Fixed : Release in which this issue/RFE has been fixed. The release containing this fix may be available for download as an Early Access Release or a General Availability Release.

To download the current JDK release, click here.

JDK 24
24 b26Fixed

Redefinition calls the verifier passing true for should_verify_class.
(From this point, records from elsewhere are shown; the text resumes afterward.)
(* Let $G=(V,E)$ be connected with $n\ge 3$ vertices. For every $u\in V_{\ge2}$, $$(n-1)(n-2)\,\mathrm{bc}(u)=\sum_{s\in V_{\ge2}\setminus\{u\}}\big(1+\mathrm{deg}_1(s)\big)\big(\tilde\delta_s(u)+\zeta_s(u)\big)+\mathrm{deg}_1(u)\big(2n-3-\mathrm{deg}_1(u)\big).$$
   Context: Graphs are finite, simple, undirected, unweighted. $\sigma_{st}$ = number of shortest $s$–$t$ paths, $\sigma_{st}(v)$ = number of those through $v\notin\{s,t\}$; $\mathrm{bc}(v)=\frac{1}{(n-1)(n-2)}\sum_{s\ne t,\ s,t\ne v}\sigma_{st}(v)/\sigma_{st}$ in $G$ (ordered pairs). $V_1$ = degree-1 vertices of $G$, $V_{\ge2}=V\setminus V_1$, $\tilde G$ = subgraph induced by $V_{\ge2}$ with counts $\tilde\sigma$. $\mathrm{deg}_1(t)$ = number of neighbors of $t$ in $G$ of degree 1. For $s,u\in V_{\ge2}$: $\tilde\delta_s(u)=\sum_{t\in V_{\ge2},t\ne s,u}\tilde\sigma_{st}(u)/\tilde\sigma_{st}$, $\zeta_s(u)=\sum_{t\in V_{\ge2},t\ne s,u}\mathrm{deg}_1(t)\tilde\sigma_{st}(u)/\tilde\sigma_{st}$. *)

From HB Require Import structures.
From mathcomp Require Import all_boot all_order all_algebra.
Set Implicit Arguments. Unset Strict Implicit. Unset Printing Implicit Defensive.
Import Order.TTheory GRing.Theory Num.Theory.

(* A finite simple undirected graph: vertex type T : finType with an
   adjacency relation e : rel T that is symmetric and irreflexive. *)

Section Graph.
Variable T : finType.
Variable e : rel T.

(* walks of length k from s to t, encoded as k.-tuples (the vertices after s) *)
Definition is_walk (k : nat) (s t : T) (p : k.-tuple T) : bool :=
  path e s p && (last s p == t).

(* graph distance: least k with a walk of length k from s to t
   (equals #|T| if t is unreachable; irrelevant for connected graphs) *)
Definition gdist (s t : T) : nat :=
  find (fun k => [exists p : k.-tuple T, is_walk s t p]) (iota 0 #|T|).

Definition shortest_paths (s t : T) : {set (gdist s t).-tuple T} :=
  [set p | is_walk s t p].

Definition sigma (s t : T) : nat := #|shortest_paths s t|.

Definition sigma_via (s t v : T) : nat :=
  #|[set p in shortest_paths s t | v \in s :: (p : seq T)]|.

Definition deg (v : T) : nat := #|[set w | e v w]|.

Definition connected_graph : Prop := forall x y : T, connect e x y.

End Graph.

Local Open Scope ring_scope.

Definition bc (T : finType) (e : rel T) (v : T) : rat :=
  (((#|T| - 1)%:R * (#|T| - 2)%:R)^-1) *
  \sum_(s : T | s != v) \sum_(t : T | (t != s) && (t != v))
      ((sigma_via e s t v)%:R / (sigma e s t)%:R).

Definition V1 (T : finType) (e : rel T) : {set T} := [set v | deg e v == 1%N].
Definition Vge2 (T : finType) (e : rel T) : {set T} := ~: V1 e.

Definition induced (T : finType) (e : rel T) (A : {set T}) : rel T :=
  fun x y => [&& e x y, x \in A & y \in A].

Definition deg1 (T : finType) (e : rel T) (t : T) : nat :=
  #|[set w | e t w & deg e w == 1%N]|.

Definition tsigma (T : finType) (e : rel T) (s t : T) : nat :=
  sigma (induced e (Vge2 e)) s t.
Definition tsigma_via (T : finType) (e : rel T) (s t u : T) : nat :=
  sigma_via (induced e (Vge2 e)) s t u.

Definition tdelta (T : finType) (e : rel T) (s u : T) : rat :=
  \sum_(t in Vge2 e | (t != s) && (t != u))
     ((tsigma_via e s t u)%:R / (tsigma e s t)%:R).

Definition zeta (T : finType) (e : rel T) (s u : T) : rat :=
  \sum_(t in Vge2 e | (t != s) && (t != u))
     ((deg1 e t)%:R * (tsigma_via e s t u)%:R / (tsigma e s t)%:R).

From mathcomp Require Import all_boot all_order all_algebra.
From mathcomp Require Import zify ring.
Import Order.TTheory GRing.Theory Num.Theory.
Set Implicit Arguments. Unset Strict Implicit. Unset Printing Implicit Defensive.

(* A pendant vertex never lies in the interior of a shortest path, and a shortest
   path ending (or starting) at a pendant vertex is a shortest path to (from) its
   unique neighbour extended by one edge.  Hence sigma_st(u)/sigma_st does not change
   when a pendant endpoint is replaced by its neighbour, and between vertices of
   V_{>=2} the shortest paths of G are exactly those of G~.  Grouping the pairs (s, t)
   in the sum defining bc(u) by the neighbours of their pendant endpoints produces the
   weights 1 + deg_1; the pairs involving the pendant neighbours of u itself, for
   which the ratio is 1, produce the correction term deg_1(u) (2n - 3 - deg_1(u)). *)

Section Walks.
Variables (T : finType) (e : rel T).

Definition walk (s t : T) (q : seq T) := path e s q && (last s q == t).

Lemma gdist_le_size s t q : walk s t q -> gdist e s t <= size q.
Proof.
move=> w; rewrite /gdist.
have [lt_q_T | ] := ltnP (size q) #|T|; last first.
  by apply: leq_trans; rewrite -[X in (_ <= X)%N](size_iota 0) find_size.
rewrite leqNgt; apply/negP => /(before_find 0%N); rewrite nth_iota // add0n.
by move/negbT/negP; apply; apply/existsP; exists (in_tuple q).
Qed.

Lemma walk_connect s t q : walk s t q -> connect e s t.
Proof. by case/andP=> p /eqP <-; apply/connectP; exists q. Qed.

Lemma gdist_shortest s t : connect e s t ->
  exists2 q, walk s t q & size q = gdist e s t.
Proof.
case/connectP=> p pp ->; have [q pq uq _] := shortenP pp.
have lt_q_T : size q < #|T| by have /= <- := card_uniqP uq; apply: max_card.
set P := fun k => [exists p : k.-tuple T, is_walk e s (last s q) p].
have hasP : has P (iota 0 #|T|).
  apply/hasP; exists (size q); first by rewrite mem_iota.
  by apply/existsP; exists (in_tuple q); rewrite /is_walk pq eqxx.
have := nth_find 0%N hasP; rewrite -/(gdist e s (last s q)).
move: hasP; rewrite has_find size_iota => ltT.
by rewrite nth_iota // add0n => /existsP[r wr]; exists r; rewrite ?size_tuple.
Qed.

Lemma gdist_eq_size s t q : walk s t q ->
  (forall r, walk s t r -> size q <= size r) -> gdist e s t = size q.
Proof.
move=> w q_min; apply/eqP; rewrite eqn_leq gdist_le_size //=.
by have [r wr <-] := gdist_shortest (walk_connect w); apply: q_min.
Qed.

Lemma sigma_gt0 s t : connect e s t -> 0 < sigma e s t.
Proof.
move=> /gdist_shortest[q wq /eqP sq].
by apply/card_gt0P; exists (Tuple sq); rewrite inE.
Qed.

Definition nwalks k (s t : T) (P : pred (seq T)) :=
  #|[set p : k.-tuple T | is_walk e s t p && P (s :: p)]|.

Lemma sigmaE s t : sigma e s t = nwalks (gdist e s t) s t predT.
Proof. by apply: eq_card => p; rewrite !inE andbT. Qed.

Lemma sigma_viaE s t v :
  sigma_via e s t v = nwalks (gdist e s t) s t (fun q => v \in q).
Proof. by apply: eq_card => p; rewrite !inE. Qed.

Lemma eq_nwalks k s t (P Q : pred (seq T)) :
  (forall p : k.-tuple T, is_walk e s t p -> P (s :: p) = Q (s :: p)) ->
  nwalks k s t P = nwalks k s t Q.
Proof.
move=> PQ; apply: eq_card => p; rewrite !inE.
by case w: (is_walk e s t p); rewrite //= PQ.
Qed.

Lemma nwalks_rcons t t' : (forall w, e w t = (w == t')) -> forall k s P,
  nwalks k.+1 s t P = nwalks k s t' (fun q => P (rcons q t)).
Proof.
move=> adj_t k s P; rewrite /nwalks.
have rcons_inj : injective (fun p : k.-tuple T => [tuple of rcons p t]).
  by move=> p q h; apply: val_inj; apply: (@rcons_injl _ t); apply: (congr1 val h).
rewrite -(card_imset _ rcons_inj); apply: eq_card => p; rewrite inE.
apply/idP/imsetP => [|[q]]; last first.
  rewrite inE /is_walk => /andP[/andP[pq lq] Pq] ->.
  by rewrite /= rcons_path last_rcons adj_t pq lq eqxx.
case/tupleP: p => x q; set q' := [tuple of belast x q].
have -> : [tuple of x :: q] = [tuple of rcons q' (last x q)] by apply/val_inj/lastI.
rewrite /is_walk /= rcons_path last_rcons => /andP[/andP[/andP[pq lq] /eqP yt] Pq].
by rewrite yt adj_t in lq; exists q'; rewrite -?yt // inE pq lq.
Qed.

Lemma nwalks_cons s s' : (forall w, e s w = (w == s')) -> forall k t P,
  nwalks k.+1 s t P = nwalks k s' t (fun q => P (s :: q)).
Proof.
move=> adj_s k t P; rewrite /nwalks.
have cons_inj : injective (fun p : k.-tuple T => [tuple of s' :: p]).
  by move=> p q /(congr1 val) [] /val_inj.
rewrite -(card_imset _ cons_inj); apply: eq_card => p; rewrite inE.
apply/idP/imsetP => [|[q]]; last first.
  by rewrite inE /is_walk => /andP[/andP[pq lq] Pq] ->; rewrite /= adj_s eqxx pq lq.
case/tupleP: p => x q; rewrite /is_walk /= adj_s.
move=> /andP[/andP[/andP[/eqP xs pq] lq] Pq]; subst x.
by exists q; rewrite // inE /is_walk pq lq.
Qed.

End Walks.

Section LeafEndpoint.
Variables (T : finType) (e : rel T).

Lemma gdist_leaf_target s t t' : connect e s t' -> (forall w, e w t = (w == t')) ->
  s != t -> gdist e s t = (gdist e s t').+1.
Proof.
move=> /gdist_shortest[q wq sq] adj_t st.
have wqt : walk e s t (rcons q t) by rewrite /walk rcons_path last_rcons adj_t eqxx andbT.
have [r wr sr] := gdist_shortest (walk_connect wqt).
have := gdist_le_size wqt; rewrite -{}sr size_rcons sq.
case/lastP: r wr => [|r x]; first by rewrite /walk /= (negbTE st).
rewrite /walk rcons_path last_rcons => /andP[/andP[pr lr] /eqP xt].
rewrite xt adj_t in lr; have /gdist_le_size : walk e s t' r by rewrite /walk pr lr.
by rewrite size_rcons; lia.
Qed.

Lemma gdist_leaf_source s s' t : connect e s' t -> (forall w, e s w = (w == s')) ->
  s != t -> gdist e s t = (gdist e s' t).+1.
Proof.
move=> /gdist_shortest[q wq sq] adj_s st.
have wsq : walk e s t (s' :: q) by rewrite /walk /= adj_s eqxx.
have [r wr sr] := gdist_shortest (walk_connect wsq).
have := gdist_le_size wsq; rewrite -{}sr /= sq.
case: r wr => [|x r]; first by rewrite /walk /= (negbTE st).
rewrite /walk /= adj_s => /andP[/andP[/eqP -> pr] lr].
have /gdist_le_size : walk e s' t r by rewrite /walk pr lr.
by rewrite /=; lia.
Qed.

Lemma sigma_leaf_target s t t' : connect e s t' -> (forall w, e w t = (w == t')) ->
  s != t -> sigma e s t = sigma e s t'.
Proof.
by move=> c adj_t st; rewrite !sigmaE (gdist_leaf_target c adj_t st) (nwalks_rcons adj_t).
Qed.

Lemma sigma_via_leaf_target s t t' v : connect e s t' -> (forall w, e w t = (w == t')) ->
  s != t -> v != t -> sigma_via e s t v = sigma_via e s t' v.
Proof.
move=> c adj_t st vt; rewrite !sigma_viaE (gdist_leaf_target c adj_t st) (nwalks_rcons adj_t).
by apply: eq_nwalks => q _; rewrite -cats1 mem_cat mem_seq1 (negbTE vt) orbF.
Qed.

Lemma sigma_leaf_source s s' t : connect e s' t -> (forall w, e s w = (w == s')) ->
  s != t -> sigma e s t = sigma e s' t.
Proof.
by move=> c adj_s st; rewrite !sigmaE (gdist_leaf_source c adj_s st) (nwalks_cons adj_s).
Qed.

Lemma sigma_via_leaf_source s s' t v : connect e s' t -> (forall w, e s w = (w == s')) ->
  s != t -> v != s -> sigma_via e s t v = sigma_via e s' t v.
Proof.
move=> c adj_s st vs; rewrite !sigma_viaE (gdist_leaf_source c adj_s st) (nwalks_cons adj_s).
by apply: eq_nwalks => q _; rewrite /= inE (negbTE vs).
Qed.

End LeafEndpoint.

Section InducedSubgraph.
Variables (T : finType) (e : rel T) (A : {set T}).
Hypothesis e_sym : symmetric e.
Hypothesis pendant_outside : forall x, x \notin A -> exists x', forall w, e x w = (w == x').

Lemma path_induced x p : x \in A -> path (induced e A) x p = path e x p && all (mem A) p.
Proof.
elim: p x => [|y p IHp] x xA //=; rewrite /induced xA /=.
by case: (e x y) => //=; case yA: (y \in A); rewrite /= ?IHp ?andbF.
Qed.

(* An interior vertex outside A would be entered and left through its only
   neighbour, so the walk could be shortened by two. *)
Lemma shortest_walk_inside s t q : s \in A -> t \in A -> walk e s t q ->
  size q = gdist e s t -> all (mem A) q.
Proof.
move=> sA tA w sq; apply/allP => x xq; change (x \in A); apply: contraT => xA.
have [x' adj_x] := pendant_outside xA.
move: w sq; case/splitPr: xq => q1 [|z q2].
  by rewrite /walk last_cat /= => /andP[_ /eqP xt]; rewrite xt tA in xA.
rewrite /walk cat_path last_cat /= adj_x => /andP[/and4P[pq1 ex /eqP zx pq2] lq].
rewrite {}zx e_sym adj_x in ex pq2 lq; rewrite -(eqP ex) in pq2 lq.
have /gdist_le_size : walk e s t (q1 ++ q2) by rewrite /walk cat_path last_cat pq1 pq2.
by rewrite !size_cat /=; lia.
Qed.

Lemma walk_induced s t q : s \in A -> walk (induced e A) s t q -> walk e s t q.
Proof. by move=> sA; rewrite /walk path_induced // => /andP[/andP[-> _] ->]. Qed.

Lemma gdist_induced s t : s \in A -> t \in A -> connect e s t ->
  gdist (induced e A) s t = gdist e s t.
Proof.
move=> sA tA /gdist_shortest[q wq sq].
have inA := shortest_walk_inside sA tA wq sq.
have wq' : walk (induced e A) s t q by move: wq; rewrite /walk path_induced // inA andbT.
rewrite -sq; apply: gdist_eq_size wq' _ => r /(walk_induced sA) wr.
by rewrite sq; apply: gdist_le_size wr.
Qed.

Lemma nwalks_induced s t P : s \in A -> t \in A ->
  nwalks (induced e A) (gdist e s t) s t P = nwalks e (gdist e s t) s t P.
Proof.
move=> sA tA; apply: eq_card => p; rewrite !inE; congr (_ && _).
apply/idP/idP => [|w]; first exact: walk_induced.
have inA := shortest_walk_inside sA tA w (size_tuple p).
by move: w; rewrite /is_walk path_induced // inA andbT.
Qed.

Lemma sigma_induced s t : s \in A -> t \in A -> connect e s t ->
  sigma (induced e A) s t = sigma e s t.
Proof. by move=> sA tA c; rewrite !sigmaE gdist_induced // nwalks_induced. Qed.

Lemma sigma_via_induced s t v : s \in A -> t \in A -> connect e s t ->
  sigma_via (induced e A) s t v = sigma_via e s t v.
Proof. by move=> sA tA c; rewrite !sigma_viaE gdist_induced // nwalks_induced. Qed.

End InducedSubgraph.

Local Open Scope ring_scope.

Lemma sum_except2 (R : zmodType) (I : finType) (F : I -> R) x y : x != y ->
  \sum_(i | (i != x) && (i != y)) F i = \sum_i F i - F x - F y.
Proof.
move=> xy; rewrite [in RHS](bigD1 x) //= [in RHS](bigD1 y) 1?eq_sym //=.
by rewrite [F x + _]addrC addrK [F y + _]addrC addrK.
Qed.

Section PendantVertices.
Variables (T : finType) (e : rel T).
Hypothesis e_sym : symmetric e.
Hypothesis e_conn : connected_graph e.
Hypothesis n_ge3 : (3 <= #|T|)%N.

Definition nbr (x : T) : T := odflt x [pick w | e x w].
      RedefineVerifyMark rvm(the_class, scratch_class, state);
      Verifier::verify(scratch_class, true, THREAD);

But code within the verifier decides otherwise if the class belongs to the null class loader.  verify() calls

    Verifier::is_eligible_for_verification(InstanceKlass* klass, bool should_verify_class) {

which calls

    bool Verifier::should_verify_for(oop class_loader, bool should_verify_class) {
      return (class_loader == nullptr || !should_verify_class) ?
        BytecodeVerificationLocal : BytecodeVerificationRemote;
    }

So returns false for redefining java.lang.VerifyError for example.  Should that code be an && above ?

is_eligible_for_verification also has some exceptions, that for redefinition (java.lang.Class etc) should not be exceptions.  They should be verified if redefined.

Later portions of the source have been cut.